The result would be similar under the sexual assault laws of Texas. Here, you have to prove that the defendant “intentionally or knowingly” committed a sex act “without that person’s consent.” Again, the prosecution has to prove not only that the victim didn’t give consent, but that the defendant intended to commit the sexual act without consent or knew that consent was not given. It is insufficient to prove lack of consent without also proving the defendant knew there was no consent.

Wow! All I did was complain that your first definition excluded male victims of rape, and you accuse me of being some kind of pig.

Maybe, maybe not.

NYS Penal Law

Not only a defense, but an affirmative one. Like I said, depends on the law. While in Texas the prosecutor has to prove that the defendant “intentionally or knowingly” committed a sex act without consent, in NY, once it is proven that the person is incapable of consent, the defendant must prove that he (or she) didn’t know of that incapacity.

Interesting. Does that mean, by implication, that there is no mens rea on lack of consent under NY law, i.e., that the defendant doesn’t have to know that the other person does not consent?

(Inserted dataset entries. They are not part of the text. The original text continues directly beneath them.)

Lemma triangle_bigraph_adj a b w u v :
  adj (bip_graph (triangle_bigraph a b w)) u v ->
  exists x y, [/\ (c x, idx x) = bigraph_key a b u, (c y, idx y) = bigraph_key a b v,
    adj E x y & exists2 z, c z = w & adj E x z && adj E z y].
Proof.
rewrite {1}/adj /bip_graph inE; case: u => [i|i]; case: v => [j|j] //;
  move=> /imsetP [[x y] + [-> ->]]; rewrite inE /=;
  move=> /and4P [/eqP cx /eqP cy hxy /existsP [z /and3P [/eqP cz hxz hzy]]].
  by exists x, y; rewrite cx cy; split => //; exists z; rewrite ?hxz.
exists y, x; rewrite cx cy adj_sym //; split => //.
by exists z; rewrite // adj_sym // hzy adj_sym.
Qed.

(* Lift a cycle of the bipartite graph to [E]; its first edge lies in a triangle whose third
   vertex has colour [w], hence is off the lifted cycle, and the detour through it is one
   edge longer. *)
Lemma triangle_bigraph_cycle_free a b w l :
  a != b -> a != w -> b != w -> 1 < l ->
  cycle_free l.+1 E -> cycle_free l (bip_graph (triangle_bigraph a b w)).
Proof.
move=> hab haw hbw hl; apply: contra => /(has_cycleP _ (ltnW hl)) [s [size_s uniq_s cyc_s]].
pose key := bigraph_key a b.
have [u0 [u1 [rest def_s]]] : exists u0 u1 rest, s = u0 :: u1 :: rest.
  by case: s size_s {uniq_s cyc_s} hl => [|u0 [|u1 rest]] /= <- //; exists u0, u1, rest.
have first_edge : adj (bip_graph (triangle_bigraph a b w)) u0 u1.
  by move: cyc_s; rewrite def_s /= => /andP [].
have [x0 [y0 [hx0 hy0 _ [z cz /andP [hx0z hzy0]]]]] := triangle_bigraph_adj first_edge.
pose phi u := odflt x0 [pick x | (c x, idx x) == key u].
have phi_key u x : (c x, idx x) = key u -> phi u = x.
  move=> hx; rewrite /phi; case: pickP => [y /eqP | /(_ x)]; last by rewrite hx eqxx.
  by rewrite -hx => -[cy iy]; rewrite /= (idx_inj cy iy).
have phi_edge u v : adj (bip_graph (triangle_bigraph a b w)) u v ->
    adj E (phi u) (phi v) /\ (c (phi u), idx (phi u)) = key u.
  by move=> /triangle_bigraph_adj [x [y [hx hy hxy _]]]; rewrite (phi_key _ _ hx) (phi_key _ _ hy).
have phi_s : {in s, forall u, (c (phi u), idx (phi u)) = key u}.
  by move=> u hu; have [] := phi_edge _ _ (next_cycle cyc_s hu).
set t := map phi s.
have uniq_t : uniq t.
  rewrite map_inj_in_uniq // => u v hu hv huv; apply: (bigraph_key_inj hab); rewrite -/key.
  by rewrite -(phi_s u hu) -(phi_s v hv) huv.
have cyc_t : path.cycle (adj E) t.
  apply: (homo_cycle_in (P := [in s])) cyc_s; last exact/allP.
  by move=> u v _ _ /phi_edge [].
have z_t : z \notin t.
  apply/mapP => -[u hu hzu]; have := phi_s u hu; rewrite -hzu cz.
  by case: (u) => i [] /eqP; rewrite eq_sym ?(negbTE haw) ?(negbTE hbw).
have t_eq : t = x0 :: y0 :: map phi rest.
  by rewrite /t def_s /= (phi_key _ _ hx0) (phi_key _ _ hy0).
apply/(has_cycleP _ (ltn0Sn l)); exists (z :: rcons (y0 :: map phi rest) x0); split.
- by rewrite /= size_rcons -size_s def_s /= size_map.
- by rewrite -rot1_cons -t_eq /= mem_rot rot_uniq z_t uniq_t.
- by apply: cycle_splice; rewrite -?t_eq.
Qed.

Lemma card_triangle_edges_le a b w l :
  a != b -> a != w -> b != w -> 1 < l -> cycle_free l.+1 E ->
  #|triangle_edges a b w| <= ex_bip_cycle M M l.
Proof.
move=> hab haw hbw hl hfree; rewrite -card_triangle_bigraph.
by rewrite /ex_bip_cycle; apply: leq_bigmax_cond; apply: triangle_bigraph_cycle_free.
Qed.

Lemma rainbow_triangles_le k : 0 < k -> cycle_free (2 * k + 1) E ->
  #|[set S in triangle_sets E | rainbow c S]| <= 2 * k.-1 * ex_bip_cycle M M (2 * k).
Proof.
move=> hk hfree; apply: leq_trans rainbow_triangles_le_colored _.
rewrite card_fibers.
apply: leq_trans; first by apply: leq_sum => z _; exact: (colored_triangles_at_le z hk hfree).
rewrite -big_distrr /= -card_fibers -mulnA mulnCA leq_mul2l mul2n -addnn.
rewrite addn1 in hfree; have hl : 1 < 2 * k by lia.
apply/orP; right; apply: leq_trans (leq_card_setU _ _) _.
by rewrite leq_add // card_triangle_edges_le.
Qed.

End TriangleEdges.

Lemma exists_perm_imset (T : finType) (A B : {set T}) :
  #|A| = #|B| -> exists r : {perm T}, r @: A = B.
Proof.
move=> AB; pose enumC (C : {set T}) := enum C ++ enum (~: C).
have uniq_enumC C : uniq (enumC C).
  rewrite cat_uniq !enum_uniq andbT /=; apply/hasPn => x.
  by rewrite !mem_enum inE => /negbTE ->.
have mem_enumC C x : x \in enumC C by rewrite mem_cat !mem_enum inE orbN.
have size_enumC C : size (enumC C) = #|T| by rewrite size_cat -!cardE cardsC.
pose f x := nth x (enumC B) (index x (enumC A)).
have index_lt x : index x (enumC A) < size (enumC B).
  by rewrite size_enumC -(size_enumC A) index_mem.
have f_inj : injective f.
  move=> x y; rewrite /f (set_nth_default x y (index_lt y)) => /eqP.
  by rewrite nth_uniq // => /eqP; apply: (index_inj x); apply: mem_enumC.
exists (perm f_inj); apply/eqP.
rewrite eqEcard card_imset ?AB ?leqnn ?andbT //; last exact: perm_inj.
apply/subsetP => _ /imsetP [x xA ->]; rewrite permE /f.
have xA' : x \in enum A by rewrite mem_enum.
have ix : index x (enum A) < size (enum B) by rewrite -cardE -AB cardE index_mem.
by rewrite index_cat xA' nth_cat ix -mem_enum mem_nth.
Qed.

Lemma rainbow_comp (T U : finType) (c : U -> 'I_3) (f : T -> U) (S : {set T}) :
  rainbow (c \o f) S = rainbow c (f @: S).
Proof. by rewrite /rainbow imset_comp. Qed.

Lemma exists_ge_average (I : finType) (f : I -> nat) :
  0 < #|I| -> exists i, \sum_j f j <= #|I| * f i.
Proof.
move=> I_gt0; have [i max_i] := eq_bigmax f I_gt0; exists i.
rewrite -max_i -sum1_card big_distrl /= mul1n; apply: leq_sum => j _.
exact: leq_bigmax.
Qed.

Definition mod3 (N : nat) (x : 'I_N) : 'I_3 := Ordinal (ltn_pmod x (isT : 0 < 3)).

Lemma card_mod3_class N (r : 'I_3) :
  (N + 2 - r) %/ 3 <= #|[set x : 'I_N | mod3 x == r]|.
Proof.
pose q := (N + 2 - r) %/ 3.
have lt_N (i : 'I_q) : 3 * i + r < N by have := ltn_ord i; have := ltn_ord r; rewrite /q; lia.
pose g i := Ordinal (lt_N i).
rewrite -[X in X <= _]card_ord -(card_imset _ (_ : injective g)); last first.
  by move=> i j [] /eqP; rewrite eqn_add2r eqn_pmul2l // => /eqP /val_inj.
apply/subset_leq_card/subsetP => _ /imsetP [i _ ->]; rewrite inE; apply/eqP/val_inj => /=.
by rewrite mulnC modnMDl modn_small.
Qed.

He was convicted not on a theory that she didn’t consent, but on the theory that she COULD NOT consent. The fact-finder did not reach the question, “Did she consent?”

Presumably, the defense wanted to elicit testimony on the last sexual encounters, and then show that in those cases, she understood what was going on, the issues and pitfalls of having sex, and willingly accepted them – in other words, that THEN, she had the capacity to consent, and so by inference, she still had the capacity to consent for the current case.

So, again, the prosecution’s theory was that due to her mental retardation, T.O. lacked the capacity to consent at all, even if she had said, “Yes, take me now, delivery stud!”

The defense wanted to show that she had the capacity to consent, and wanted to do it by bringing into evidence her previous (supposedly consensual) sexual encounters.

  • Rick

As to the exact law – it’s very close to the MPC.

He was convicted of first degree aggravated sexual assault, which forbids, inter alia, an act of sexual penetration when the victim is one whom the actor knew or should have known was physically helpless, mentally defective or mentally incapacitated.